Lemma kalman_QE Rm t : kalman_Q Rm t = kalman_Qpred Rm t + Rm t.
Proof. by case: t. Qed.

Lemma hmap_pd t X : psd X -> pd (hmap t X).
Proof. by move=> psdX; apply: pd_congrD. Qed.

Lemma hmap_mono t X Y : psd (X - Y) -> psd (hmap t X - hmap t Y).
Proof.
move=> XY; rewrite /hmap opprD addrACA subrr addr0 -mulmxBl -mulmxBr.
by have := psd_congr (A t.-1)^T XY; rewrite trmxK.
Qed.

Lemma inRset_psd t Rt : inRset Cset Vset t Rt -> psd Rt.
Proof. by case=> C [V [_ /pdV/pd_inv/pd_psd pdVi ->]]; apply: psd_congr. Qed.

Lemma kalman_Q_pd Rm : (forall t, (t <= T)%N -> psd (Rm t)) ->
  forall t, (t <= T)%N -> pd (kalman_Q Rm t).
Proof.
move=> psdR; elim=> [|t IH] tT /=; rewrite addrC; apply: pdD; try exact: psdR.
  exact: pd_inv.
by apply/pd_inv/hmap_pd/pd_psd/pd_inv/IH/ltnW.
Qed.

Lemma feasD_kalman_of_feasR P Q Qp Rm : feasR P Q Qp Rm ->
  exists C V, feasD (kalman_P Rm) (kalman_Q Rm) (kalman_Qpred Rm) Rm C V.
Proof.
move=> hF; have RmR t (tT : (t <= T)%N) : inRset Cset Vset t (Rm t) by have [] := hF t tT.
have CV_ex t : exists CV : 'M[R]_(m t, n) * 'M[R]_(m t), (t <= T)%N ->
    [/\ Cset CV.1, Vset CV.2 & Rm t = CV.1^T *m invmx CV.2 *m CV.1].
  have [tT|] := leqP t T; last by exists (0, 0).
  by have [C [V RmE]] := RmR t tT; exists (C, V).
pose CV t := proj1_sig (constructive_indefinite_description _ (CV_ex t)).
have CV_spec t : (t <= T)%N ->
    [/\ Cset (CV t).1, Vset (CV t).2 & Rm t = (CV t).1^T *m invmx (CV t).2 *m (CV t).1].
  exact: proj2_sig (constructive_indefinite_description _ (CV_ex t)).
have pdQ := kalman_Q_pd (fun t tT => inRset_psd (RmR t tT)).
exists (fun t => (CV t).1), (fun t => (CV t).2) => t tT.
have [C_in V_in RmE] := CV_spec t tT.
split=> //; [by split=> //; apply/pd_unit/pdQ | exact: kalman_QE |].
case: t tT {C_in V_in RmE} => //= t tT; split=> //.
exact/pd_unit/hmap_pd/pd_psd/pd_inv/pdQ/ltnW.
Qed.
Theorem follows_edges_dictator (S : {set I}) (g : (I -> T) -> T) :
  0 < #|S| -> follows_edges g -> (forall a, g (fun _ => a) = a) ->
  (forall v w, {in S, v =1 w} -> g v = g w) ->
  exists2 d, d \in S & forall v, g v = v d.
Proof.
move=> S_gt0; have [m] : exists m, #|S| = m.+1 by exists #|S|.-1; rewrite prednK.
elim: m S g {S_gt0} => [|m IH] S g cardS g_follows g_unan g_S.
  have /cards1P [d S_d] : #|S| == 1 by rewrite cardS.
  exists d => [|v]; first by rewrite S_d set11.
  by rewrite -(g_unan (v d)); apply: g_S => k; rewrite S_d inE => /eqP ->.
have /card_gt1P [i [j [iS jS ij]]] : 1 < #|S| by rewrite cardS.
have cardSj : #|S :\ j| = m.+1 by move: cardS; rewrite (cardsD1 j S) jS => -[].
have [|||d] := IH (S :\ j) (merge g i j) cardSj.
- exact: merge_follows_edges.
- by move=> a; rewrite /merge upd_id.
- move=> v w vw; apply: g_S => k kS; rewrite !updE.
  have [_ | kj] := eqVneq k j; apply: vw; rewrite !inE ?kj ?kS //.
  by rewrite iS andbT.
rewrite !inE => /andP [dj dS] merge_d.
have [d_i | di] := eqVneq d i; last by exists d => //; apply: merge_dictator_other merge_d.
rewrite d_i in merge_d.
by case: (merge_dictator ij g_follows merge_d) => g_dict; [exists i | exists j].
Qed.
End Voters.
End EdgeGraph.

(** * The graph of top alternatives *)

Lemma tperm_inversion n (k l p q : 'I_n) : l = k.+1 :> nat ->
  p < q -> tperm k l q < tperm k l p -> p = k /\ q = l.
Proof.
move=> lk; have neq (u v : 'I_n) : u <> v -> u <> v :> nat by move=> uv /val_inj.
by case: tpermP => [->|->|/neq ? /neq ?]; case: tpermP => [->|->|/neq ? /neq ?]; try lia.
Qed.

Section Preferences.
Variable A : finType.
Implicit Types (P Q R : pref A) (a b x y : A).

Lemma prefersI P (k l : 'I_#|A|) : k < l -> prefers P (P k) (P l).
Proof. by move=> kl; apply/existsP; exists k; apply/existsP; exists l; rewrite !eqxx. Qed.

Lemma not_prefers_lt P (k l : 'I_#|A|) : k != l -> ~~ prefers P (P l) (P k) -> k < l.
Proof.
move=> kl /(contra (@prefersI P l k)).
by rewrite -leqNgt ltn_neqAle => ->; rewrite andbT.
Qed.

Lemma linear_order_surj P : linear_order P -> forall a, exists k, P k = a.
Proof.
move=> /injectiveP P_inj a.
have /codomP [k ->] : a \in codom P by apply: inj_card_onto; rewrite ?card_ord.
by exists k.
Qed.

Lemma adjacent_sym P Q : adjacent P Q -> adjacent Q P.
Proof.
case/existsP => k /existsP [l /and4P [lk /eqP Qk /eqP Ql /forallP Qm]].
apply/existsP; exists k; apply/existsP; exists l.
rewrite lk Qk Ql !eqxx; apply/forallP => m; apply/implyP => /(implyP (Qm m)).
by rewrite eq_sym.
Qed.

Lemma adjacent_tperm P Q : adjacent P Q ->
  exists k l : 'I_#|A|, l = k.+1 :> nat /\ forall m, Q m = P (tperm k l m).
Proof.
case/existsP => k /existsP [l /and4P [/eqP lk /eqP Qk /eqP Ql /forallP Qm]].
exists k, l; split => // m.
case: tpermP => [-> | -> | /eqP mk /eqP ml] //.
by apply/eqP/(implyP (Qm m)); rewrite mk ml.
Qed.

Hypothesis A_gt0 : 0 < #|A|.

Definition top_pos : 'I_#|A| := Ordinal A_gt0.

Definition top P := P top_pos.

Lemma is_topE P a : is_top P a = (top P == a).
Proof.
apply/existsP/eqP => [[k /andP [/eqP k0 /eqP <-]] | <-]; last by exists top_pos; rewrite /= eqxx.
by rewrite /top; congr (P _); apply: val_inj.
Qed.

Lemma is_topP P a : reflect (top P = a) (is_top P a).
Proof. by rewrite is_topE; apply: eqP. Qed.

Lemma same_topE P Q : same_top P Q = (top P == top Q).
Proof.
apply/forallP/eqP => [PQ | PQ a]; last by rewrite !is_topE PQ.
by apply/eqP; rewrite eq_sym -is_topE -(eqP (PQ (top P))) is_topE eqxx.
Qed.

Lemma adjacent_tracks R Q x y : linear_order R -> adjacent R Q -> top R != top Q ->
  ~~ prefers R y x -> ~~ prefers Q x y -> tracks (top R) (top Q) x y.
Proof.
move=> linR RQ topRQ nRyx nQxy; have [<- | xy] := eqVneq x y; [by left | right].
have [k [l [lk Qt]]] := adjacent_tperm RQ.
have [p Rp] := linear_order_surj linR x; have [q Rq] := linear_order_surj linR y.
have pq : p != q by apply: contra_neq xy => p_q; rewrite -Rp -Rq p_q.
have Qtp : Q (tperm k l p) = x by rewrite Qt tpermK.
have Qtq : Q (tperm k l q) = y by rewrite Qt tpermK.
have lt_pq : p < q by move: nRyx; rewrite -Rp -Rq; apply: not_prefers_lt.
have lt_tqp : tperm k l q < tperm k l p.
  move: nQxy; rewrite -Qtp -Qtq; apply: not_prefers_lt.
  by rewrite (inj_eq perm_inj) eq_sym.
have [p_k q_l] := tperm_inversion lk lt_pq lt_tqp.
have k_top : k = top_pos.
  apply/val_inj/eqP; apply: contraNT topRQ => k0.
  by rewrite /top Qt tpermD // -val_eqE /= ?lk // eq_sym.
by rewrite -Rp -Rq p_k q_l /top Qt -k_top tpermL.
Qed.
(* Let $p>2$, let $\mathcal G$ be a regular single-knot metric graph of length $\ell$ with $H$ half-lines, $P$ pendants, $L$ loops ($P+L\ge1$), and let $u$ be a positive core-symmetric bound-state. Then there exists $y>0$ such that: 1. for each half-line $h$, either $u_h(x)=\varphi(x+y)$ for all $x\ge0$ or $u_h(x)=\varphi(x-y)$ for all $x\ge0$; 2. letting $H^+$ ($H^-$) be the number of half-lines with the first (second) alternative, $\theta=\frac{H^+-H^-}{P+2L}$, and $z=\varphi(y)\in\big(0,(p/2)^{1/(p-2)}\big)$, every compact edge $\kappa$ satisfies \[ -u_\kappa''+u_\kappa=u_\kappa^{p-1}\text{ in }[0,\ell],\quad u_\kappa(0)=z,\quad u_\kappa'(0)=\theta\sqrt{2f(z)},\quad u_\kappa'(\ell)=0, \] and in particular $-\frac12(u_\kappa')^2+f(u_\kappa)\equiv(1-\theta^2)f(z)$ on $[0,\ell]$.
   Context: A single-knot metric graph consists of $H\ge1$ half-lines, $P\ge0$ pendants and $L\ge0$ loops attached at a common vertex $\mathbf 0$; regular of length $\ell$: pendants of length $\ell$, loops of length $2\ell$. Convention: a dummy vertex at the midpoint of each loop, so all compact edges have length $\ell$, identified with $[0,\ell]$ with $\mathbf 0$ at $x=0$; half-lines identified with $[0,\infty)$, $\mathbf 0$ at $x=0$. A bound-state is a nontrivial $u\in H^1(\mathcal G)$ solving $-u''+u=|u|^{p-2}u$ on each edge with Neumann–Kirchhoff conditions (sum of inward derivatives at each vertex vanishes). Core-symmetric: restrictions to all compact edges coincide. $f(x)=\frac12x^2-\frac1p|x|^p$, and $\varphi(x)=(p/2)^{1/(p-2)}\operatorname{sech}^{2/(p-2)}\big(\frac{p-2}{2}x\big)$. *)

From Stdlib Require Import Reals Lra List.
From Coquelicot Require Import Coquelicot.
Import ListNotations.
Open Scope R_scope.

Definition rpow (x a : R) : R := if Rle_dec x 0 then 0 else Rpower x a.

Definition nl (p x : R) : R := rpow (Rabs x) (p - 2) * x.

Definition fF (p x : R) : R := x ^ 2 / 2 - rpow (Rabs x) p / p.

Definition phi (p x : R) : R :=
  Rpower (p / 2) (1 / (p - 2)) * Rpower (/ cosh ((p - 2) / 2 * x)) (2 / (p - 2)).

(* Edges of a single-knot graph: half-lines, pendants, and the two halves of
   each loop (dummy vertex at the loop midpoint). Every edge is parametrised
   with the knot 0 at x = 0; compact edges are [0, ell]. *)
Inductive edge : Type :=
| Half (i : nat)
| Pend (i : nat)
| LoopE (j : nat) (b : bool).

Definition edge_valid (H P L : nat) (e : edge) : Prop :=
  match e with
  | Half i => (i < H)%nat
  | Pend i => (i < P)%nat
  | LoopE j _ => (j < L)%nat
  end.

Definition is_compact (e : edge) : Prop :=
  match e with Half _ => False | _ => True end.

Definition edge_dom (ell : R) (e : edge) (x : R) : Prop :=
  match e with
  | Half _ => 0 <= x
  | _ => 0 <= x <= ell
  end.

Definition rsum (n : nat) (f : nat -> R) : R := fold_right Rplus 0 (map f (seq 0 n)).

Definition solves_ode (p : R) (v : R -> R) (x : R) : Prop :=
  ex_derive v x /\ ex_derive (Derive v) x /\
  - Derive (Derive v) x + v x = nl p (v x).

Definition is_bound_state (p ell : R) (H P L : nat) (u : edge -> R -> R) : Prop :=
  (forall e x, edge_valid H P L e -> edge_dom ell e x -> solves_ode p (u e) x) /\
  (forall i, (i < H)%nat ->
     ex_RInt_gen (fun x => (u (Half i) x) ^ 2) (at_point 0) (Rbar_locally p_infty) /\
     ex_RInt_gen (fun x => (Derive (u (Half i)) x) ^ 2) (at_point 0) (Rbar_locally p_infty)) /\
  (forall e1 e2, edge_valid H P L e1 -> edge_valid H P L e2 -> u e1 0 = u e2 0) /\
  (rsum H (fun i => Derive (u (Half i)) 0) + rsum P (fun i => Derive (u (Pend i)) 0)
   + rsum L (fun j => Derive (u (LoopE j false)) 0 + Derive (u (LoopE j true)) 0) = 0) /\
  (forall i, (i < P)%nat -> Derive (u (Pend i)) ell = 0) /\
  (* continuity and Kirchhoff at loop midpoints *)
  (forall j, (j < L)%nat ->
     u (LoopE j false) ell = u (LoopE j true) ell /\
     Derive (u (LoopE j false)) ell + Derive (u (LoopE j true)) ell = 0) /\
  (exists e x, edge_valid H P L e /\ edge_dom ell e x /\ u e x <> 0).

Definition is_positive (ell : R) (H P L : nat) (u : edge -> R -> R) : Prop :=
  forall e x, edge_valid H P L e -> edge_dom ell e x -> 0 < u e x.

Definition core_symmetric (ell : R) (H P L : nat) (u : edge -> R -> R) : Prop :=
  forall e1 e2, edge_valid H P L e1 -> edge_valid H P L e2 ->
    is_compact e1 -> is_compact e2 ->
    forall x, 0 <= x <= ell -> u e1 x = u e2 x.

(* Along a positive solution of -v'' + v = v^(p-1) the energy -v'^2/2 + f(v) is
   constant.  On a half-line u and u' are square integrable, which forces the energy
   to vanish.  Hence the knot value z satisfies f(z) >= 0, so z = phi(y) for some
   y >= 0; every half-line has slope +-sqrt(2 f(z)) at the knot and, by uniqueness
   for the Cauchy problem, equals phi(. + y) or phi(. - y).  By core symmetry all
   compact edges share their slope at the knot, which Kirchhoff's condition
   identifies as theta sqrt(2 f(z)), and they have slope 0 at x = ell.  Finally
   y = 0 is impossible: all slopes would vanish at the knot, so a compact edge would
   coincide with phi on [0, ell], while phi'(ell) < 0. *)

From Stdlib Require Import Reals Lra Lia List.
From Coquelicot Require Import Coquelicot.
Open Scope R_scope.

(** * Real analysis *)

Lemma is_derive_continuity_pt (g : R -> R) x l : is_derive g x l -> continuity_pt g x.
Proof.
  intros Hg. apply continuity_pt_filterlim. apply (ex_derive_continuous g). now exists l.
Qed.

Lemma MVT_interval (g g' : R -> R) a b : a <= b ->
  (forall x, a <= x <= b -> is_derive g x (g' x)) ->
  exists c, a <= c <= b /\ g b - g a = g' c * (b - a).
Proof.
  intros Hab Hg.
  destruct (MVT_gen g a b g') as [c Hc]; rewrite ?Rmin_left, ?Rmax_right in *; try lra.
  - intros x Hx. apply Hg. lra.
  - intros x Hx. apply (is_derive_continuity_pt g x (g' x)), Hg. lra.
  - now exists c.
Qed.
(* Let $G = (V, E)$ be a directed proximity graph whose finitely many nodes $V$ correspond to vectors of a finite set $\mathcal{D} \subset \mathbb{R}^d$ (each node identified with its vector), and let $q \in \mathbb{R}^d$ be a query. For a node $o$, let $\mathcal{N}_o = \{p \mid (p, o) \in E\}$. Then there exists a scalar $\bar{\mu}$ such that for every $\mu > \max(\bar{\mu}, 0)$ and every node $o$ on the search path of the greedy graph nearest neighbor search (GNNS) run with query $q' = \mu q$ and having $\mathcal{N}_o \neq \emptyset$, there is a node $p^* \in \mathcal{N}_o$ with $$p^* \in \Big\{\operatorname{argmax}_{p \in \mathcal{N}_o} \langle p, q\rangle\Big\} \cap \Big\{\operatorname{argmin}_{p \in \mathcal{N}_o} \lVert p - q'\rVert\Big\}.$$
   Context: A proximity graph on $\mathcal{D}$ is a directed graph whose nodes are the points of $\mathcal{D}$ and whose edges are chosen by some criterion (the criterion is arbitrary here). Greedy graph nearest neighbor search (GNNS) with query $x$: starting from entry nodes, it repeatedly takes the current best candidate node, inspects its neighbors in $G$, and moves toward / keeps the neighbors closest to $x$ in Euclidean distance (maintaining a bounded candidate pool), until no improvement is possible; the nodes it visits form its search path. $\lVert\cdot\rVert$ is the Euclidean norm and $\langle\cdot,\cdot\rangle$ the standard inner product. *)

From HB Require Import structures.
From mathcomp Require Import all_boot all_order all_algebra.
Set Implicit Arguments. Unset Strict Implicit. Unset Printing Implicit Defensive.
Import Order.TTheory GRing.Theory Num.Theory.
Local Open Scope ring_scope.

Definition dotp (R : rcfType) (d : nat) (x y : 'rV[R]_d) : R :=
  \sum_(i < d) x ord0 i * y ord0 i.

Definition enorm (R : rcfType) (d : nat) (x : 'rV[R]_d) : R :=
  Num.sqrt (dotp x x).

(* in-neighbourhood N_o = { p | (p, o) \in E } of node o in the graph with
   edge relation E (E p o means (p, o) is an edge) *)
Definition in_nbrs (V : finType) (E : rel V) (o : V) : {set V} :=
  [set p | E p o].

(* Expanding the square, ||p - mu q||^2 = ||p||^2 - 2 mu <p, q> + mu^2 ||q||^2, so
   among the neighbours of a node the nearest one to mu q minimises
   ||p||^2 - 2 mu <p, q>.  Once mu exceeds every slope
   (||a||^2 - ||b||^2) / (2 <a - b, q>) between two of the finitely many nodes,
   the linear term dominates, and a neighbour maximising <p, q> (ties broken by
   the smallest norm) is also a nearest neighbour of mu q.  The threshold does
   not depend on the node, the search path, or the GNNS procedure. *)
From mathcomp Require Import all_boot all_order all_algebra.
From mathcomp Require Import lra.
Set Implicit Arguments. Unset Strict Implicit. Unset Printing Implicit Defensive.
Import Order.TTheory GRing.Theory Num.Theory.
Local Open Scope ring_scope.

Section PenalisedArgmax.

Variables (V : finType) (R : realFieldType) (f g : V -> R).

Lemma exists_slope_bound :
  exists M : R, forall a b, f b < f a -> g a - g b <= M * (f a - f b).
Proof.
pose slope (ab : V * V) := (g ab.1 - g ab.2) / (f ab.1 - f ab.2).
exists (\sum_ab `|slope ab|) => a b lt_ba.
have pos_df : 0 < f a - f b by rewrite subr_gt0.
have -> : g a - g b = slope (a, b) * (f a - f b) by rewrite divfK ?gt_eqF.
apply: ler_wpM2r; first exact: ltW.
apply: le_trans (ler_norm _) _.
by rewrite (bigD1 (a, b)) //= lerDl sumr_ge0.
Qed.

Lemma lex_argmax_min_penalty (mu : R) (A : {set V}) :
  (forall a b, f b < f a -> g a - g b <= mu * (f a - f b)) ->
  A != set0 ->
  exists2 x, x \in A &
    (forall y, y \in A -> f y <= f x) /\
    (forall y, y \in A -> g x - mu * f x <= g y - mu * f y).
Proof.
move=> slope_mu /set0Pn[x0 Ax0].
case: (@arg_maxP _ R V x0 (fun y => y \in A) f Ax0) => xm Axm max_xm.
pose B := [set y in A | f y == f xm].
have Bxm : xm \in B by rewrite inE Axm eqxx.
case: (@arg_minP _ R V xm (fun y => y \in B) g Bxm) => x.
rewrite inE => /andP[Ax /eqP fx] min_x.
exists x => //; split=> [y Ay | y Ay]; first by rewrite fx; apply: max_xm.
have [fy | fy_neq] := eqVneq (f y) (f xm).
  have : g x <= g y by apply: min_x; rewrite inE Ay fy eqxx.
  by rewrite fx fy; lra.
have lt_fy : f y < f x by rewrite fx lt_neqAle fy_neq; apply: max_xm.
have := slope_mu _ _ lt_fy; lra.
Qed.

End PenalisedArgmax.

Lemma dotp_subZ (R : rcfType) (d : nat) (a q : 'rV[R]_d) (mu : R) :
  dotp (a - mu *: q) (a - mu *: q) =
  dotp a a - 2 * mu * dotp a q + mu ^+ 2 * dotp q q.
Proof.
rewrite /dotp !mulr_sumr -sumrB -big_split /=.
by apply: eq_bigr => i _; rewrite !mxE; lra.
Qed.

Lemma enorm_subZ_le (R : rcfType) (d : nat) (a b q : 'rV[R]_d) (mu : R) :
  dotp a a - 2 * mu * dotp a q <= dotp b b - 2 * mu * dotp b q ->
  enorm (a - mu *: q) <= enorm (b - mu *: q).
Proof. by move=> le_ab; apply: ler_wsqrtr; rewrite !dotp_subZ lerD2r. Qed.

Theorem theorem2 (R : rcfType) (d : nat) (V : finType)
    (vec : V -> 'rV[R]_d) (vec_inj : injective vec)
    (E : rel V) (q : 'rV[R]_d) (search_path : 'rV[R]_d -> {set V}) :
  exists mubar : R,
    forall mu : R, Num.max mubar 0 < mu ->
    forall o : V, o \in search_path (mu *: q) ->
      in_nbrs E o != set0 ->
      exists2 pstar : V, pstar \in in_nbrs E o &
        (forall p, p \in in_nbrs E o -> dotp (vec p) q <= dotp (vec pstar) q) /\
        (forall p, p \in in_nbrs E o ->
           enorm (vec pstar - mu *: q) <= enorm (vec p - mu *: q)).
Proof.
pose sqnorm p := dotp (vec p) (vec p).
pose twice_dot p := 2 * dotp (vec p) q.
have [M slope_M] := exists_slope_bound twice_dot sqnorm.
exists M => mu; rewrite gt_max => /andP[lt_M_mu _] o _ nbrs_o.
have slope_mu a b : twice_dot b < twice_dot a ->
    sqnorm a - sqnorm b <= mu * (twice_dot a - twice_dot b).
  move=> lt_ba; apply: le_trans (slope_M _ _ lt_ba) _.
  by rewrite ler_wpM2r ?subr_ge0 ?ltW.
have [ps nbr_ps [max_ps min_ps]] := lex_argmax_min_penalty slope_mu nbrs_o.
exists ps => //; split=> p nbr_p.
  by have := max_ps _ nbr_p; rewrite /twice_dot; lra.
by apply: enorm_subZ_le; have := min_ps _ nbr_p; rewrite /sqnorm /twice_dot; lra.
Qed.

### BRIEF
Your answer should consist of copies of the lines above that include the string "regular".

### ANSWER
(* Let $p>2$, let $\mathcal G$ be a regular single-knot metric graph of length $\ell$ with $H$ half-lines, $P$ pendants, $L$ loops ($P+L\ge1$), and let $u$ be a positive core-symmetric bound-state. Then there exists $y>0$ such that: 1. for each half-line $h$, either $u_h(x)=\varphi(x+y)$ for all $x\ge0$ or $u_h(x)=\varphi(x-y)$ for all $x\ge0$; 2. letting $H^+$ ($H^-$) be the number of half-lines with the first (second) alternative, $\theta=\frac{H^+-H^-}{P+2L}$, and $z=\varphi(y)\in\big(0,(p/2)^{1/(p-2)}\big)$, every compact edge $\kappa$ satisfies \[ -u_\kappa''+u_\kappa=u_\kappa^{p-1}\text{ in }[0,\ell],\quad u_\kappa(0)=z,\quad u_\kappa'(0)=\theta\sqrt{2f(z)},\quad u_\kappa'(\ell)=0, \] and in particular $-\frac12(u_\kappa')^2+f(u_\kappa)\equiv(1-\theta^2)f(z)$ on $[0,\ell]$.
   Context: A single-knot metric graph consists of $H\ge1$ half-lines, $P\ge0$ pendants and $L\ge0$ loops attached at a common vertex $\mathbf 0$; regular of length $\ell$: pendants of length $\ell$, loops of length $2\ell$. Convention: a dummy vertex at the midpoint of each loop, so all compact edges have length $\ell$, identified with $[0,\ell]$ with $\mathbf 0$ at $x=0$; half-lines identified with $[0,\infty)$, $\mathbf 0$ at $x=0$. A bound-state is a nontrivial $u\in H^1(\mathcal G)$ solving $-u''+u=|u|^{p-2}u$ on each edge with Neumann–Kirchhoff conditions (sum of inward derivatives at each vertex vanishes). Core-symmetric: restrictions to all compact edges coincide. $f(x)=\frac12x^2-\frac1p|x|^p$, and $\varphi(x)=(p/2)^{1/(p-2)}\operatorname{sech}^{2/(p-2)}\big(\frac{p-2}{2}x\big)$. *)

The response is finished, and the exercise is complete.